NSAIDs Flashcards
How do NSAIDs work?
inhibition of cyclo-oxygenase enzyme (COX)
What does COX enzyme do?
metabolizes arachidonic acid (fatty acid component of membranes) to ultimately prostanoids (PGD2, PGE2, PGF2a, PGI2, and TXA2)
What is COX-1?
found in stomach, colon, kidney, vascular smooth m, and platelets (involved in “housekeeping” functions of prostanoids
What is COX-2?
involved in inflammatory responses, fever, and algesia. also expressed in blood vessels, kidney, heart, and brain
What’s significant about the actions of prostanoids and leukotrienes?
tend to cause opposing effects (vasodilation/vasoconstriction, promotoe or inhibit platelet aggregation, etc)
What can the anti-inflammatory effects of NSAIDs be attributed to?
inhibition of COX-2
Which prostanoids have inflammatory effects?
all of them
How do NSAIDs combat inflammation?
reduce vasodilation, edema, and pain, ACUTE phase (vs, corticosteroids that inhibit all stages)
What sort of dosage do the anti-inflammatory effects of NSAIDs require?
significantly higher doses
What does the low pH of inflammatory milieu lead to?
increased intracellular concentrations of NSAIDs (ion trapping of an acidic drug)
What causes the analgesic effects of NSAIDs?
inhibition of COX-2 which prevents formation of prostaglandins (PGE2) at peripheral sites
What types of pain are NSAIDs effective vs?
chronic post-operative, pain from inflammation, integumental pain, PMS HA, myalgia) achieved with “ordinary” doses of NSAIDs
What don’t NSAIDs do?
not effective against some types of pain, don’t alter sensory perceptions, don’t cause physical dependence.
What are NSAIDs used in combo with?
opioids to achieve greater analgesic effect
Anti-pyresis?
COX-2, PGE2. NSAIDs reduce elevated body temp with “ordinary” doses
What do NSAIDs do to CV system?
inhibit platelet COX-1 derived TxA2 - inhibit platelet aggregation! also COX-2 derived PGI2
What’s unique about aspirin?
irreversibly inhibits platelet COX. achieved at very low dose. selective inhibition of COX-1 due to impact on platelets.. antagonized by reversible COX-1 inhibitors.

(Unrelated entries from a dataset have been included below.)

(* Let $X$ be a proper geodesic metric space with basepoint $x_0$, and let $\gamma_1,\gamma_2$ be geodesic rays representing different elements of the Morse boundary of $X$. Then $\rho[\gamma_1]\neq\rho[\gamma_2]$, where $\rho[\gamma]=\lim_{t\to\infty}\rho_{\gamma(t)}$ and $\rho_y(z)=d(z,y)-d(x_0,y)$.
   Context: The horofunction map sends $y\in X$ to the function $\rho_y\in C(X)$, $\rho_y(z)=d(z,y)-d(x_0,y)$, where $C(X)$ is the space of continuous real-valued functions on $X$ with the topology of uniform convergence on compact sets; the horofunction compactification $\overline X^h$ is the closure of $\{\rho_y\}$ in $C(X)$. The Morse boundary is the set of Morse geodesic rays up to bounded Hausdorff distance, where a quasi-geodesic $\gamma$ is Morse if there is a non-decreasing continuous $M:\mathbb{R}_{\ge1}\to\mathbb{R}_{\ge0}$ such that every $Q$--quasi-geodesic with endpoints on $\gamma$ stays in the closed $M(Q)$--neighbourhood of the corresponding subsegment. *)

From Stdlib Require Import Reals Lra.
Open Scope R_scope.

Definition is_metric {X : Type} (d : X -> X -> R) : Prop :=
  (forall x y, 0 <= d x y) /\
  (forall x y, d x y = 0 <-> x = y) /\
  (forall x y, d x y = d y x) /\
  (forall x y z, d x z <= d x y + d y z).

Definition seq_converges {X : Type} (d : X -> X -> R) (u : nat -> X) (x : X) : Prop :=
  forall eps, 0 < eps -> exists N, forall n, (N <= n)%nat -> d (u n) x < eps.

(** Compactness of a subset of a metric space (sequential compactness, which
    is equivalent to compactness in metric spaces). *)
Definition compact_set {X : Type} (d : X -> X -> R) (K : X -> Prop) : Prop :=
  forall u : nat -> X, (forall n, K (u n)) ->
  exists (phi : nat -> nat) (x : X),
    (forall n m, (n < m)%nat -> (phi n < phi m)%nat) /\ K x /\
    seq_converges d (fun n => u (phi n)) x.

Definition proper_space {X : Type} (d : X -> X -> R) : Prop :=
  forall (x : X) (r : R), compact_set d (fun y => d x y <= r).

Definition geodesic_space {X : Type} (d : X -> X -> R) : Prop :=
  forall x y : X, exists c : R -> X,
    c 0 = x /\ c (d x y) = y /\
    (forall s t, 0 <= s <= d x y -> 0 <= t <= d x y -> d (c s) (c t) = Rabs (s - t)).

Definition geodesic_ray {X : Type} (d : X -> X -> R) (g : R -> X) : Prop :=
  forall s t, 0 <= s -> 0 <= t -> d (g s) (g t) = Rabs (s - t).

(** Q-quasi-geodesic (i.e. (Q,Q)-quasi-geodesic) defined on [a,b]. *)
Definition quasi_geodesic {X : Type} (d : X -> X -> R) (Q a b : R) (c : R -> X) : Prop :=
  a <= b /\
  forall s t, a <= s <= b -> a <= t <= b ->
    Rabs (s - t) / Q - Q <= d (c s) (c t) /\ d (c s) (c t) <= Q * Rabs (s - t) + Q.

Definition morse_gauge (M : R -> R) : Prop :=
  (forall Q, 1 <= Q -> 0 <= M Q) /\
  (forall Q Q', 1 <= Q -> Q <= Q' -> M Q <= M Q') /\
  (forall Q, 1 <= Q -> forall eps, 0 < eps -> exists delta, 0 < delta /\
     forall Q', 1 <= Q' -> Rabs (Q' - Q) < delta -> Rabs (M Q' - M Q) < eps).

Definition morse_ray {X : Type} (d : X -> X -> R) (g : R -> X) : Prop :=
  exists M : R -> R, morse_gauge M /\
  forall (Q a b s t : R) (c : R -> X),
    1 <= Q -> 0 <= s -> 0 <= t ->
    quasi_geodesic d Q a b c -> c a = g s -> c b = g t ->
    forall u, a <= u <= b ->
      exists r, Rmin s t <= r <= Rmax s t /\ d (c u) (g r) <= M Q.

Definition bounded_hausdorff {X : Type} (d : X -> X -> R) (g1 g2 : R -> X) : Prop :=
  exists C, (forall s, 0 <= s -> exists t, 0 <= t /\ d (g1 s) (g2 t) <= C) /\
            (forall t, 0 <= t -> exists s, 0 <= s /\ d (g1 s) (g2 t) <= C).

Definition rho {X : Type} (d : X -> X -> R) (x0 y : X) : X -> R :=
  fun z => d z y - d x0 y.

(** rho_{g(t)} -> f as t -> oo in C(X) (uniform convergence on compact sets). *)
Definition horo_limit {X : Type} (d : X -> X -> R) (x0 : X) (g : R -> X) (f : X -> R) : Prop :=
  forall K : X -> Prop, compact_set d K ->
  forall eps, 0 < eps -> exists T, forall t, T <= t -> forall z, K z ->
    Rabs (rho d x0 (g t) z - f z) < eps.

From Stdlib Require Import Reals Lra.
Open Scope R_scope.

(* Suppose both rays had the same horofunction limit f.  Along gamma_1 the
   defect d(x0, z) + f(z) stays bounded (by 2 d(x0, gamma_1(0))).  For any z
   of bounded defect and t large, the broken geodesic
   gamma_2(0) -> z -> gamma_2(t) is longer than d(gamma_2(0), gamma_2(t)) by a
   bounded amount, hence is a uniform quasi-geodesic; the Morse property of
   gamma_2 then puts z uniformly close to gamma_2.  By symmetry the two rays
   are at bounded Hausdorff distance. *)

Section Metric.

Variables (X : Type) (d : X -> X -> R).
Hypothesis Hmet : is_metric d.

Lemma dist_ge0 x y : 0 <= d x y.
Proof. apply Hmet. Qed.

Lemma dist_refl x : d x x = 0.
Proof. now apply Hmet. Qed.

Lemma dist_eq0 x y : d x y = 0 -> x = y.
Proof. apply Hmet. Qed.

Lemma dist_sym x y : d x y = d y x.
Proof. apply Hmet. Qed.

Lemma dist_triangle x y z : d x z <= d x y + d y z.
Proof. apply Hmet. Qed.

Definition geodesic_segment (c : R -> X) (x y : X) : Prop :=
  c 0 = x /\ c (d x y) = y /\
  forall s t, 0 <= s <= d x y -> 0 <= t <= d x y -> d (c s) (c t) = Rabs (s - t).

Lemma geodesic_segment_dist_start c x y s :
  geodesic_segment c x y -> 0 <= s <= d x y -> d x (c s) = s.
Proof.
  intros (c0 & _ & Hc) Hs. rewrite <- c0 at 1.
  rewrite Hc by lra. rewrite Rabs_minus_sym, Rminus_0_r. apply Rabs_pos_eq; lra.
Qed.

Lemma geodesic_segment_dist_end c x y s :
  geodesic_segment c x y -> 0 <= s <= d x y -> d (c s) y = d x y - s.
Proof.
  intros (_ & c1 & Hc) Hs. rewrite <- c1 at 1.
  rewrite Hc by lra. rewrite Rabs_minus_sym. apply Rabs_pos_eq; lra.
Qed.

Lemma geodesic_ray_dist g s t :
  geodesic_ray d g -> 0 <= s <= t -> d (g s) (g t) = t - s.
Proof.
  intros Hg Hst. rewrite Hg by lra. rewrite Rabs_minus_sym. apply Rabs_pos_eq; lra.
Qed.

Lemma quasi_geodesic_of_rough_isometry (C a b : R) (c : R -> X) :
  a <= b ->
  (forall s t, a <= s <= b -> a <= t <= b ->
     Rabs (s - t) - C <= d (c s) (c t) <= Rabs (s - t)) ->
  quasi_geodesic d (Rmax 1 C) a b c.
Proof.
  intros Hab Hc. split; [exact Hab |]. intros s t Hs Ht.
  pose proof (Rmax_l 1 C). pose proof (Rmax_r 1 C).
  set (Q := Rmax 1 C) in *.
  pose proof (Rabs_pos (s - t)). specialize (Hc s t Hs Ht).
  assert (Rabs (s - t) / Q <= Rabs (s - t)).
  { apply Rmult_le_reg_r with Q; [lra |].
    unfold Rdiv. rewrite Rmult_assoc, Rinv_l by lra. nra. }
  split; nra.
Qed.

Lemma broken_geodesic_dist c1 c2 p m q C s u :
  geodesic_segment c1 p m -> geodesic_segment c2 m q ->
  d p m + d m q <= d p q + C ->
  0 <= s <= d p m -> 0 <= u <= d m q ->
  d p m - s + u - C <= d (c1 s) (c2 u) <= d p m - s + u.
Proof.
  intros H1 H2 Hdef Hs Hu.
  pose proof (geodesic_segment_dist_start _ _ _ _ H1 Hs).
  pose proof (geodesic_segment_dist_end _ _ _ _ H1 Hs).
  pose proof (geodesic_segment_dist_start _ _ _ _ H2 Hu).
  pose proof (geodesic_segment_dist_end _ _ _ _ H2 Hu).
  pose proof (dist_triangle (c1 s) m (c2 u)).
  pose proof (dist_triangle p (c1 s) q).
  pose proof (dist_triangle (c1 s) (c2 u) q).
  lra.
Qed.

Definition concat_path (c1 c2 : R -> X) (A u : R) : X :=
  if Rle_dec u A then c1 u else c2 (u - A).

Lemma concat_path_rough_isometry c1 c2 p m q C s t :
  geodesic_segment c1 p m -> geodesic_segment c2 m q ->
  d p m + d m q <= d p q + C ->
  0 <= s <= d p m + d m q -> 0 <= t <= d p m + d m q ->
  Rabs (s - t) - C <= d (concat_path c1 c2 (d p m) s) (concat_path c1 c2 (d p m) t)
    <= Rabs (s - t).
Proof.
  intros H1 H2 Hdef Hs Ht. pose proof H1 as (_ & _ & Hc1). pose proof H2 as (_ & _ & Hc2).
  pose proof (dist_triangle p m q).
  unfold concat_path. destruct (Rle_dec s (d p m)), (Rle_dec t (d p m)).
  - rewrite Hc1 by lra. lra.
  - rewrite Rabs_minus_sym, Rabs_pos_eq by lra.
    pose proof (broken_geodesic_dist _ _ _ _ _ C s (t - d p m) H1 H2 Hdef).
    lra.
  - rewrite dist_sym, Rabs_pos_eq by lra.
    pose proof (broken_geodesic_dist _ _ _ _ _ C t (s - d p m) H1 H2 Hdef).
    lra.
  - rewrite Hc2 by lra. replace (s - d p m - (t - d p m)) with (s - t) by ring. lra.
Qed.

Lemma broken_geodesic_quasi_geodesic (Hgeo : geodesic_space d) p m q C :
  d p m + d m q <= d p q + C ->
  exists c, quasi_geodesic d (Rmax 1 C) 0 (d p m + d m q) c /\
    c 0 = p /\ c (d p m + d m q) = q /\ c (d p m) = m.
Proof.
  intros Hdef.
  destruct (Hgeo p m) as [c1 H1]. destruct (Hgeo m q) as [c2 H2].
  pose proof (dist_ge0 p m). pose proof (dist_ge0 m q).
  exists (concat_path c1 c2 (d p m)). split.
  { apply quasi_geodesic_of_rough_isometry; [lra |].
    intros s t Hs Ht. now apply (concat_path_rough_isometry _ _ p m q). }
  unfold concat_path. destruct H1 as (c10 & c1m & _), H2 as (_ & c2q & _).
  split; [| split].
  - destruct (Rle_dec 0 (d p m)); [exact c10 | lra].
  - destruct (Rle_dec (d p m + d m q) (d p m)).
    + assert (Hmq : d m q = 0) by lra. rewrite Hmq, Rplus_0_r, c1m.
      now apply dist_eq0.
    + replace (d p m + d m q - d p m) with (d m q) by ring. exact c2q.
  - destruct (Rle_dec (d p m) (d p m)); [exact c1m | lra].
Qed.

Lemma compact_singleton p : compact_set d (fun z => z = p).
Proof.
  intros u Hu. exists (fun n => n), p.
  split; [auto | split; [reflexivity |]].
  intros eps Heps. exists O. intros n _. rewrite Hu, dist_refl. exact Heps.
Qed.

Variable x0 : X.

Lemma horo_limit_pointwise g f z eps :
  horo_limit d x0 g f -> 0 < eps ->
  exists T, forall t, T <= t -> Rabs (rho d x0 (g t) z - f z) < eps.
Proof.
  intros Hf Heps. destruct (Hf _ (compact_singleton z) eps Heps) as [T HT].
  exists T. intros t Ht. now apply HT.
Qed.

Lemma horo_limit_ray_defect g f s :
  geodesic_ray d g -> horo_limit d x0 g f -> 0 <= s ->
  d x0 (g s) + f (g s) <= 2 * d x0 (g 0).
Proof.
  intros Hg Hf Hs. apply Rle_plus_epsilon. intros eps Heps.
  destruct (horo_limit_pointwise g f (g s) eps Hf Heps) as [T HT].
  pose proof (Rmax_l T s). pose proof (Rmax_r T s). set (t := Rmax T s) in *.
  specialize (HT t ltac:(lra)). unfold rho in HT. apply Rabs_def2 in HT.
  pose proof (geodesic_ray_dist g s t Hg ltac:(lra)).
  pose proof (geodesic_ray_dist g 0 t Hg ltac:(lra)).
  pose proof (geodesic_ray_dist g 0 s Hg ltac:(lra)).
  pose proof (dist_triangle (g 0) x0 (g t)).
  pose proof (dist_triangle x0 (g 0) (g s)).
  rewrite (dist_sym (g 0) x0) in *. lra.
Qed.

Lemma morse_ray_near_horo_sublevel (Hgeo : geodesic_space d) g f D :
  geodesic_ray d g -> morse_ray d g -> horo_limit d x0 g f ->
  exists K, forall z, d x0 z + f z <= D -> exists r, 0 <= r /\ d z (g r) <= K.
Proof.
  intros Hg (M & _ & Hmorse) Hf.
  set (C := D + 2 * d x0 (g 0) + 1).
  exists (M (Rmax 1 C)). intros z Hz.
  destruct (horo_limit_pointwise g f z 1 Hf Rlt_0_1) as [T HT].
  pose proof (Rmax_l T 0). pose proof (Rmax_r T 0). set (t := Rmax T 0) in *.
  specialize (HT t ltac:(lra)). unfold rho in HT. apply Rabs_def2 in HT.
  assert (Hdef : d (g 0) z + d z (g t) <= d (g 0) (g t) + C).
  { pose proof (geodesic_ray_dist g 0 t Hg ltac:(lra)).
    pose proof (dist_triangle (g 0) x0 z).
    pose proof (dist_triangle x0 (g 0) (g t)).
    rewrite (dist_sym (g 0) x0) in *. unfold C. lra. }
  destruct (broken_geodesic_quasi_geodesic Hgeo _ _ _ _ Hdef) as (c & Hc & c0 & ct & cz).
  pose proof (dist_ge0 (g 0) z). pose proof (dist_ge0 z (g t)).
  destruct (Hmorse (Rmax 1 C) 0 _ 0 t c (Rmax_l _ _) (Rle_refl 0) ltac:(lra)
              Hc c0 ct (d (g 0) z) ltac:(lra)) as (r & Hr & Hzr).
  rewrite Rmin_left in Hr by lra. rewrite cz in Hzr. now exists r.
Qed.

Lemma ray_near_of_common_horo_limit (Hgeo : geodesic_space d) g1 g2 f :
  geodesic_ray d g1 -> geodesic_ray d g2 -> morse_ray d g2 ->
  horo_limit d x0 g1 f -> horo_limit d x0 g2 f ->
  exists K, forall s, 0 <= s -> exists r, 0 <= r /\ d (g1 s) (g2 r) <= K.
Proof.
  intros Hg1 Hg2 Hm2 Hf1 Hf2.
  destruct (morse_ray_near_horo_sublevel Hgeo g2 f (2 * d x0 (g1 0)) Hg2 Hm2 Hf2)
    as [K HK].
  exists K. intros s Hs. apply HK. now apply horo_limit_ray_defect.
Qed.

End Metric.

Theorem lemma5p5 (X : Type) (d : X -> X -> R) (x0 : X)
  (Hmet : is_metric d) (Hprop : proper_space d) (Hgeo : geodesic_space d)
  (g1 g2 : R -> X)
  (Hr1 : geodesic_ray d g1) (Hr2 : geodesic_ray d g2)
  (Hm1 : morse_ray d g1) (Hm2 : morse_ray d g2)
  (Hdiff : ~ bounded_hausdorff d g1 g2)
  (f1 f2 : X -> R)
  (Hf1 : horo_limit d x0 g1 f1) (Hf2 : horo_limit d x0 g2 f2) :
  f1 <> f2.
Proof.
  intros <-. apply Hdiff.
  destruct (ray_near_of_common_horo_limit X d Hmet x0 Hgeo g1 g2 f1 Hr1 Hr2 Hm2 Hf1 Hf2)
    as [K1 HK1].
  destruct (ray_near_of_common_horo_limit X d Hmet x0 Hgeo g2 g1 f1 Hr2 Hr1 Hm1 Hf2 Hf1)
    as [K2 HK2].
  exists (Rmax K1 K2). split.
  - intros s Hs. destruct (HK1 s Hs) as (r & Hr & Hd). exists r. split; [exact Hr |].
    pose proof (Rmax_l K1 K2). lra.
  - intros t Ht. destruct (HK2 t Ht) as (r & Hr & Hd). exists r. split; [exact Hr |].
    rewrite (dist_sym X d Hmet). pose proof (Rmax_r K1 K2). lra.
Qed.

Therefore therapeutic efficacy in stroke and MI.
What are two other CV considerations?
1) NSAIDs can elevate blood pressure via COX-2
2) COX-2 is upregulated in athersclerotic plaques, but role in athersclerosis is unclear
Which prostanoids act on kidneys and what do they do?
PGE2 and PGI2, COX-1 and COX-2 generated. increase and decrease sodium retention (natriuresis predominates)
What do NSAIDs do in the kidneys?
promote sodium retention and can therefore increase BP. can counteract effects of many anti-hypertensives.
Who is at risk of renal ischemia with NSAIDs?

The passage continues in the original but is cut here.